Streptanthus insignis

Scientific classification
- Kingdom: Plantae
- Clade: Tracheophytes
- Clade: Angiosperms
- Clade: Eudicots
- Clade: Rosids
- Order: Brassicales
- Family: Brassicaceae
- Genus: Streptanthus
- Species: S. insignis
- Binomial name: Streptanthus insignis Jeps.

= Streptanthus insignis =

- Genus: Streptanthus
- Species: insignis
- Authority: Jeps.

Species of flowering plant

Streptanthus insignis is an uncommon species of flowering plant in the mustard family known by the common names plumed jewelflower and San Benito jewelflower. It is endemic to California, where it is known only from the Inner Central Coast Ranges.
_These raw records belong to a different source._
Section InterpolationNorm.
Variables (R : realType) (n : nat) (B : set 'rV[R]_n).
Variables (xs : 'I_(n + 1) -> 'rV[R]_n) (M : R).
Hypothesis nodes_in_B : forall j, B (xs j).
Hypothesis lebesgue_le : forall y, B y -> lebesgue xs y <= M.

Lemma supnorm_interp_le (f : 'rV[R]_n -> R) :
  (forall x, B x -> `|f x| <= 1) -> supnorm B (interp xs f) <= M.
Proof.
move=> f1; apply: ge_sup.
  by exists `|interp xs f (xs (node0 n))|; exists (xs (node0 n)).
move=> _ [y By <-]; apply: le_trans (lebesgue_le By).
by apply: comb_le_lebesgue => j; exact: f1.
Qed.

Lemma interp_norm_le : interp_norm B xs <= M.
Proof.
apply: ge_sup; last by move=> _ [f [_ f1] <-]; exact: supnorm_interp_le.
exists (supnorm B (interp xs (fun=> 0))), (fun=> 0) => //; split.
  exact: continuous_subspaceT (@cst_continuous _ _ (0 : R)).
by move=> x _; rewrite normr0.
Qed.

Hypothesis hnd : vertex_mx xs \in unitmx.

(* Conversely L(y) <= ||P||_B: L(y) = Pf(y) for the continuous function
   f = clamp (sum_j s_j lambda_j), s_j the sign of lambda_j(y), which takes
   the value s_j at the node x^(j) and satisfies |f| <= 1. *)
Lemma lebesgue_le_interp_norm (y : 'rV[R]_n) :
  B y -> lebesgue xs y <= interp_norm B xs.
Proof.
move=> By; pose sgn j : R := (-1) ^+ (lambda xs j y < 0)%R.
pose f z := clamp (\sum_j sgn j * lambda xs j z).
have f1 x : `|f x| <= 1 by exact: clamp_le1.
have f_cont : continuous f.
  move=> z; apply: continuous_comp (@continuous_clamp R _).
  exact: continuous_lambda_comb.
have Pf_y : interp xs f y = lebesgue xs y.
  rewrite lebesgue_signs /interp; apply: eq_bigr => k _.
  by rewrite /f lambda_comb_node // clamp_sign.
have Pf_bounded : has_ubound [set `|interp xs f x| | x in B].
  exists M => _ [z Bz <-]; apply: le_trans (lebesgue_le Bz).
  exact: comb_le_lebesgue.
apply: le_trans (ler_norm _) _; rewrite -Pf_y.
apply: le_trans (ub_le_sup Pf_bounded _) _; first by exists y.
apply: ub_le_sup; last by exists f => //; split => //; exact: continuous_subspaceT.
by exists M => _ [g [_ g1] <-]; exact: supnorm_interp_le.
Qed.

End InterpolationNorm.

Section SimplexInBall.
Variables (R : realType) (n : nat) (x0 : 'rV[R]_n) (r : R).
Variable xs : 'I_(n + 1) -> 'rV[R]_n.

(* Maximal modulus on the ball of the signed combination sum_j s_j lambda_j,
   an affine function with linear part (sum_j s_j l_ij)_i and value
   sum_j s_j lambda_j(x0) at the centre. *)
Definition sign_value (s : {ffun 'I_(n + 1) -> bool}) : R :=
  r * l2norm (fun i => \sum_j (-1) ^+ s j * lcoef xs i j)
  + `|\sum_j (-1) ^+ s j * lambda xs j x0|.

(* L is bounded on the ball by the largest sign_value: write L(y) as the
   combination with the signs of the lambda_j(y). *)
Lemma lebesgue_ball_le (y : 'rV[R]_n) : cball x0 r y ->
  lebesgue xs y <= \big[Num.max/0]_s sign_value s.
Proof.
move=> By; pose s := [ffun j => lambda xs j y < 0].
apply: le_trans (le_bigmax _ _ s); rewrite lebesgue_signs.
rewrite (eq_bigr (fun j => (-1) ^+ s j * lambda xs j y)) => [|j _];
  last by rewrite ffunE.
rewrite (lambda_comb_shift _ _ _ x0); apply: le_trans (ler_norm _) _.
exact: affine_ball_le.
Qed.

(* Each sign_value is reached by L at some point of the ball, since a signed
   combination is at most L in modulus. *)
Lemma sign_value_attained (s : {ffun 'I_(n + 1) -> bool}) : 0 <= r ->
  exists2 y, cball x0 r y & sign_value s <= lebesgue xs y.
Proof.
move=> r0; have [y By Ey] := affine_ball_attained x0
  (fun i => \sum_j (-1) ^+ s j * lcoef xs i j)
  (\sum_j (-1) ^+ s j * lambda xs j x0) r0.
exists y => //; rewrite /sign_value -Ey -lambda_comb_shift.
by apply: comb_le_lebesgue => j; rewrite normr_sign.
Qed.

End SimplexInBall.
It grows in grassland and chaparral habitat, usually on serpentine soils. It is an annual herb producing a hairy, bristly, branching stem up to about 60 centimeters long. The lance-shaped basal leaves are borne on short petioles. Leaves midway up the stem are longer, and those near the top are shorter. They sometimes clasp the stem at their bases. Flowers occur at intervals along the upper stem. The uppermost flowers are often sterile and different in form. Each fertile flower has a bell-shaped calyx of sepals which is purple or greenish-yellow depending on subspecies. The petals at the tip are purplish or yellowish, also depending on subspecies. The fruit is a flat, straight silique which may be over 11 centimeters long.

There are two subspecies. The rarer, Arburua Ranch jewelflower (ssp. lyonii), is known from a just few occurrences near Los Banos. This taxon has greenish yellow flowers, sometimes tinged with purple.